§ **Exercise brief**:
Which lines of the records contain the word "outside"? Show each of them.

§ **Saved entries**:
(* Let $k$ and $n$ be positive integers, and let $\mathcal{P}$ be a partition of $\mathbb{R}^k$ into polytopes. Then there exist a polytope $P_0\in\mathcal{P}$ and a point $\mathbf{w}=(w_1,\dots,w_n)\in(0,1)^n$ such that $w_1>w_2>\dots>w_n$ and, for every ascending $k$-tuple of indices $1\le i_1<\dots<i_k\le n$, the point $(w_{i_1},\dots,w_{i_k})$ lies in the interior of $P_0$.
   Context: A (closed, convex) polytope in $\mathbb{R}^k$ is a set of the form $\{\mathbf{x}\in\mathbb{R}^k : \mathbf{a}_j\cdot\mathbf{x}+b_j\ge 0,\ j=1,\dots,J\}$ for finitely many $\mathbf{a}_j\in\mathbb{R}^k$, $b_j\in\mathbb{R}$ (not necessarily bounded). A partition of $\mathbb{R}^k$ is a finite collection of polytopes, each with nonempty interior, whose union is $\mathbb{R}^k$ and whose interiors are pairwise disjoint. *)

From HB Require Import structures.
From mathcomp Require Import all_boot all_order all_algebra.
From mathcomp Require Import all_classical all_reals all_analysis.
Set Implicit Arguments. Unset Strict Implicit. Unset Printing Implicit Defensive.
Import Order.TTheory GRing.Theory Num.Theory numFieldTopology.Exports numFieldNormedType.Exports.
Local Open Scope classical_set_scope.
Local Open Scope ring_scope.

(* Points of R^k are row vectors 'rV[R]_k, with the product (= Euclidean) topology. *)

Definition polytope (R : realType) (k : nat) (P : set 'rV[R]_k) : Prop :=
  exists (J : nat) (a : 'I_J -> 'rV[R]_k) (b : 'I_J -> R),
    P = [set x | forall j : 'I_J, 0 <= \sum_(i < k) a j 0 i * x 0 i + b j].

Definition polytope_partition (R : realType) (k m : nat)
    (P : 'I_m -> set 'rV[R]_k) : Prop :=
  [/\ (forall i, polytope (P i)),
      (forall i, interior (P i) !=set0),
      \bigcup_(i in setT) P i = setT
    & (forall i j, i != j -> interior (P i) `&` interior (P j) = set0)].

From HB Require Import structures.
From mathcomp Require Import all_boot all_order all_algebra.
From mathcomp Require Import all_classical all_reals all_analysis.
From mathcomp Require Import lra.
Import Order.TTheory GRing.Theory Num.Theory.
Import numFieldTopology.Exports numFieldNormedType.Exports.
Set Implicit Arguments. Unset Strict Implicit. Unset Printing Implicit Defensive.
Local Open Scope classical_set_scope.
Local Open Scope ring_scope.

(* Take w_j = x^(j+1) for a small x > 0.  At the point (w_(i_1), ..., w_(i_k)) an
   affine form a.y + b takes the value b + a_1 x^(i_1+1) + ... + a_k x^(i_k+1):
   whatever the indices, the exponents increase along the coefficient list
   (b, a_1, ..., a_k), so for x below a threshold independent of the indices its
   sign is that of the first nonzero coefficient.  Hence, for small x, each polytope
   of the partition contains either all these points in its interior or none of
   them, and one of them contains some such point because the partition covers. *)

Definition increasing r (e : 'I_r -> nat) := {homo e : t u / (t < u)%N}.

Definition affine_form (R : pzSemiRingType) k (a : 'rV[R]_k) (b : R) (y : 'rV[R]_k) : R :=
  \sum_i a 0 i * y 0 i + b.

Definition pow_row (R : pzSemiRingType) k (x : R) (e : 'I_k -> nat) : 'rV[R]_k :=
  \row_t x ^+ (e t).+1.

Lemma lacunary_sum_lead_sign (R : realFieldType) r (c : 'I_r -> R)
    (e : 'I_r -> nat) (t0 : 'I_r) (x : R) :
  increasing e ->
  (forall t : 'I_r, (t < t0)%N -> c t = 0) -> c t0 != 0 ->
  0 < x -> x <= 1 -> x * \sum_t `|c t| < `|c t0| ->
  0 < c t0 * \sum_t c t * x ^+ e t.
Proof.
move=> e_incr c_lt_t0 ct0_neq0 x_gt0 x_le1 x_small.
set S := \sum_t `|c t|; set y := x ^+ e t0.
have ct0_gt0 : 0 < `|c t0| by rewrite normr_gt0.
have y_gt0 : 0 < y by rewrite exprn_gt0.
have term_le t : t != t0 -> `|c t * x ^+ e t| <= y * x * `|c t|.
  move=> t_neq; have [t_lt|t_ge] := ltnP t t0.
    by rewrite c_lt_t0 // mul0r normr0 mulr0.
  have t_gt : (t0 < t)%N.
    by rewrite ltn_neqAle t_ge andbT; apply: contra t_neq => /eqP/val_inj->.
  rewrite normrM (ger0_norm (exprn_ge0 _ (ltW x_gt0))) mulrC.
  by apply: ler_wpM2r => //; rewrite -exprSr ler_wiXn2l ?e_incr // ltW.
rewrite (bigD1 t0) //= mulrDr.
set D := \sum_(t | t != t0) _.
have D_le : `|D| <= y * x * S.
  rewrite (le_trans (ler_norm_sum _ _ _)) // (le_trans (ler_sum _ term_le)) //.
  rewrite -mulr_sumr; apply: ler_wpM2l; first by rewrite mulr_ge0 ?ltW.
  by rewrite [leRHS](bigD1 t0) //= lerDr.
have cD_ge : - (`|c t0| * (y * x * S)) <= c t0 * D.
  rewrite lerNl -mulrN (le_trans (ler_norm _)) // normrM normrN.
  by apply: ler_wpM2l; first exact: ltW.
have lead_eq : c t0 * (c t0 * y) = `|c t0| * `|c t0| * y.
  by rewrite mulrA -!expr2 real_normK ?num_real.
have lead_gap : 0 < `|c t0| * y * (`|c t0| - x * S) by rewrite !mulr_gt0 // subr_gt0.
rewrite lead_eq; lra.
Qed.

Lemma affine_form_pow_row_sign_near0 (R : realType) k (a : 'rV[R]_k) (b : R) :
  [\/ a = 0 /\ b = 0,
      \forall x \near 0^'+, forall e, increasing e -> 0 < affine_form a b (pow_row x e)
    | \forall x \near 0^'+, forall e, increasing e -> affine_form a b (pow_row x e) < 0].
Proof.
pose c (t : 'I_k.+1) := if unlift ord0 t is Some i then a 0 i else b.
have [c_eq0|/existsNP[t1 /eqP ct1_neq0]] := pselect (forall t, c t = 0).
  apply: Or31; split; last by have := c_eq0 ord0; rewrite /c unlift_none.
  by apply/rowP => i; rewrite mxE; have := c_eq0 (lift ord0 i); rewrite /c liftK.
pose t0 := [arg min_(t < t1 | c t != 0) (t : nat)].
have [ct0_neq0 c_lt_t0] : c t0 != 0 /\ forall t : 'I_k.+1, (t < t0)%N -> c t = 0.
  rewrite /t0; case: arg_minnP => // t ct_neq0 t_min; split => // u u_lt.
  by apply/eqP; apply: contraTT u_lt => cu_neq0; rewrite -leqNgt t_min.
pose S := \sum_t `|c t|.
have near_pos : \forall x \near 0^'+, forall e, increasing e ->
    0 < c t0 * affine_form a b (pow_row x e).
  have delta_gt0 : 0 < `|c t0| / (S + 1).
    by rewrite divr_gt0 ?normr_gt0 // ltr_wpDl ?sumr_ge0.
  near=> x => e e_incr.
  pose e' (t : 'I_k.+1) := if unlift ord0 t is Some i then (e i).+1 else 0%N.
  have -> : affine_form a b (pow_row x e) = \sum_t c t * x ^+ e' t.
    rewrite big_ord_recl /c /e' unlift_none expr0 mulr1 addrC.
    by congr (_ + _); apply: eq_bigr => i _; rewrite liftK mxE.
  have x_gt0 : 0 < x by near: x; exact: nbhs_right_gt.
  apply: (lacunary_sum_lead_sign _ c_lt_t0) => //.
  - move=> t u; rewrite /e'.
    case: (unliftP ord0 t) => [t'|] ->; case: (unliftP ord0 u) => [u'|] -> //=.
    by rewrite ltnS; apply: e_incr.
  - by apply: ltW; near: x; apply: nbhs_right_lt; exact: ltr01.
  - have : x < `|c t0| / (S + 1) by near: x; exact: nbhs_right_lt.
    rewrite ltr_pdivlMr ?ltr_wpDl ?sumr_ge0 //; apply: le_lt_trans.
    by apply: ler_wpM2l; [exact: ltW | rewrite /S lerDl].
have [ct0_gt0|ct0_le0] := ltP 0 (c t0).
  apply: Or32; apply: filterS near_pos => x pos e e_incr.
  by rewrite -(pmulr_rgt0 _ ct0_gt0) pos.
apply: Or33; apply: filterS near_pos => x pos e e_incr.
have ct0_lt0 : c t0 < 0 by rewrite lt_neqAle ct0_neq0.
by rewrite -(nmulr_rgt0 _ ct0_lt0) pos.
Unshelve. all: by end_near.
Qed.

Lemma affine_form_continuous (R : realType) k (a : 'rV[R]_k) (b : R) :
  continuous (affine_form a b).
Proof.
move=> y; rewrite /affine_form; apply: continuousD; last exact: cst_continuous.
apply: (continuous_big add_continuous) => i _ z.
by apply: continuousM; [exact: cst_continuous | exact: coord_continuous].
Qed.

Lemma interior_halfspaces (R : realType) k J (a : 'I_J -> 'rV[R]_k) (b : 'I_J -> R)
    (x : 'rV[R]_k) :
  (forall j, (a j = 0 /\ b j = 0) \/ 0 < affine_form (a j) (b j) x) ->
  interior [set y | forall j, 0 <= affine_form (a j) (b j) y] x.
Proof.
move=> active; rewrite /interior /=.
apply: (@filter_forall _ _ (fun j => [set y | 0 <= affine_form (a j) (b j) y]) (nbhs x)).
move=> j; case: (active j) => [[-> ->]|f_gt0].
  by near=> y; rewrite /= /affine_form addr0 big1 // => i _; rewrite mxE mul0r.
exact: (@cvgr_ge _ _ (nbhs x) _ _ _ (@affine_form_continuous _ _ (a j) (b j) x) _ f_gt0).
Unshelve. all: by end_near.
Qed.

Lemma polytope_pow_row_dichotomy (R : realType) k (Q : set 'rV[R]_k) :
  polytope Q ->
  \forall x \near 0^'+,
    (forall e, increasing e -> interior Q (pow_row x e)) \/
    (forall e, increasing e -> ~ Q (pow_row x e)).
Proof.
move=> [J [a [b ->]]].
pose f j x e := affine_form (a j) (b j) (pow_row x e).
pose sign_stable j x := [\/ a j = 0 /\ b j = 0,
  forall e, increasing e -> 0 < f j x e
  | forall e, increasing e -> f j x e < 0].
have : \forall x \near 0^'+, forall j, sign_stable j x.
  apply: (@filter_forall _ _ sign_stable) => j.
  case: (affine_form_pow_row_sign_near0 (a j) (b j)) => [zero|pos|neg].
  - by near=> x; apply: Or31.
  - by apply: filterS pos => x; rewrite /sign_stable; apply: Or32.
  - by apply: filterS neg => x; rewrite /sign_stable; apply: Or33.
apply: filterS => x stable.
have [[j neg_j]|no_neg] := pselect (exists j, forall e, increasing e -> f j x e < 0).
  by right=> e e_incr /= /(_ j); rewrite leNgt neg_j.
left=> e e_incr; apply: interior_halfspaces => j.
case: (stable j) => [zero|pos|neg].
- by left.
- by right; apply: pos.
- by case: no_neg; exists j.
Unshelve. all: by end_near.
Qed.

Theorem theorem3p2 (R : realType) (k n m : nat) (hk : (0 < k)%N) (hn : (0 < n)%N)
    (P : 'I_m -> set 'rV[R]_k) :
  polytope_partition P ->
  exists (i0 : 'I_m) (w : 'rV[R]_n),
    (forall i : 'I_n, 0 < w 0 i < 1) /\
    (forall i j : 'I_n, (i < j)%N -> w 0 j < w 0 i) /\
    (forall s : 'I_k -> 'I_n, (forall a b : 'I_k, (a < b)%N -> (s a < s b)%N) ->
       interior (P i0) (\row_(t < k) w 0 (s t))).
Proof.
move=> [P_poly _ P_cover _].
have near_unit : \forall x \near (0 : R)^'+, 0 < x < 1.
  near=> x; apply/andP; split; near: x.
  - exact: nbhs_right_gt.
  - exact: nbhs_right_lt ltr01.
have near_dichotomy := filter_forall (at_right_proper_filter 0)
  (fun i => polytope_pow_row_dichotomy (P_poly i)).
have [x [/andP [x_gt0 x_lt1] dichotomy]] := filter_ex (filterI near_unit near_dichotomy).
have [i0 _ P_i0] : (\bigcup_(i in setT) P i) (pow_row x val) by rewrite P_cover.
have inside : forall e, increasing e -> interior (P i0) (pow_row x e).
  case: (dichotomy i0) => [//|outside].
  by case: (outside val (fun _ _ tu => tu) P_i0).
exists i0, (\row_(j < n) x ^+ j.+1); split; [|split].
- by move=> i; rewrite mxE exprn_gt0 // exprn_ilt1 // ltW.
- by move=> i j ij; rewrite !mxE ltr_iXn2l.
- move=> s s_incr; have -> : \row_(t < k) (\row_(j < n) x ^+ j.+1) 0 (s t) = pow_row x s.
    by apply/rowP => t; rewrite !mxE.
  exact: inside.
Unshelve. all: by end_near.
Qed.
(* Let $Z\subset C'\subset P$ be subschemes of the plane $H=\{x=0\}$, where $Z$ is a nonempty zero-dimensional scheme, $I_{C'}=(x,p)$ and $I_P=(x,ph)$ with $p,h\in S$ nonzero homogeneous, $\delta=\deg p$ and $d=2\delta+\deg h$. Let $J\subseteq R$ be a homogeneous ideal admitting the expected residual sequence, i.e. fitting into an exact sequence $$0\to I_{C'}(-1)\xrightarrow{\ \cdot x\ } J\to ph\,I_{Z,H}\to0$$ (equivalently, $(J+xR)/xR=ph\,I_{Z,H}$ and $J:(x)=(x,p)$). Then $J$ is saturated, $J=I_X$ for a one-dimensional closed subscheme $X\subset\mathbb P^3$ of degree $d$ and arithmetic genus $$\binom{d-\delta-1}{2}+\binom{\delta-1}{2}+\delta-\deg Z-1.$$
   Context: $K$ is an algebraically closed field, $R=K[x,y,z,t]$, $S=K[y,z,t]$ identified with $R/xR$, and $H\subset\mathbb P^3_K$ is the plane with ideal $xR$. $I_X$ denotes the saturated homogeneous ideal of a closed subscheme $X$, and $I_{Z,H}\subset S$ is the saturated homogeneous ideal of $Z$ as a subscheme of $H\cong\operatorname{Proj}(S)$. *)

From HB Require Import structures.
From mathcomp Require Import all_boot all_order all_algebra.
From mathcomp Require Import mpoly.
Set Implicit Arguments. Unset Strict Implicit. Unset Printing Implicit Defensive.
Import GRing.Theory.
Local Open Scope ring_scope.

(* R = K[x,y,z,t] is {mpoly K[4]} with x = 'X_0, y = 'X_1, z = 'X_2, t = 'X_3.
   S = K[y,z,t] is {mpoly K[3]} with y = 'X_0, z = 'X_1, t = 'X_2. *)

Section Defs.
Variables (K : fieldType) (n : nat).
Local Notation P := {mpoly K[n]}.

Definition is_ideal (J : pred P) : Prop :=
  [/\ 0 \in J,
      (forall f g, f \in J -> g \in J -> f + g \in J) &
      (forall r f, f \in J -> r * f \in J)].

Definition is_homog_ideal (J : pred P) : Prop :=
  is_ideal J /\ forall f k, f \in J -> pihomog mdeg k f \in J.

(* J is saturated: J : m^oo = J, m = (X_0,...,X_{n-1}) the irrelevant ideal.
   (f m^k is generated by the X^m f with |m| = k.) *)
Definition saturated (J : pred P) : Prop :=
  forall f, (exists k, forall m : 'X_{1..n}, mdeg m = k -> 'X_[m] * f \in J) ->
            f \in J.

Definition indep_mod (J : pred P) (d k : nat) : Prop :=
  exists F : 'I_k -> P,
    (forall i, F i \is d.-homog) /\
    forall c : 'I_k -> K, (\sum_(i < k) c i *: F i) \in J -> forall i, c i = 0.

Definition hilb_fun (J : pred P) (d h : nat) : Prop :=
  indep_mod J d h /\ ~ indep_mod J d h.+1.

Definition hilb_poly (J : pred P) (Q : {poly int}) : Prop :=
  exists N, forall d, (N <= d)%N -> exists h : nat, hilb_fun J d h /\ h%:Z = Q.[d%:Z].
End Defs.

Section Plane.
Variable K : fieldType.
Definition restrH (f : {mpoly K[4]}) : {mpoly K[3]} :=
  f \mPo [tuple 0; 'X_0; 'X_1; 'X_2].
Definition incS (g : {mpoly K[3]}) : {mpoly K[4]} :=
  g \mPo [tuple 'X_1; 'X_2; 'X_3].
End Plane.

§ **Written response**:
  case: (dichotomy i0) => [//|outside].
  by case: (outside val (fun _ _ tu => tu) P_i0).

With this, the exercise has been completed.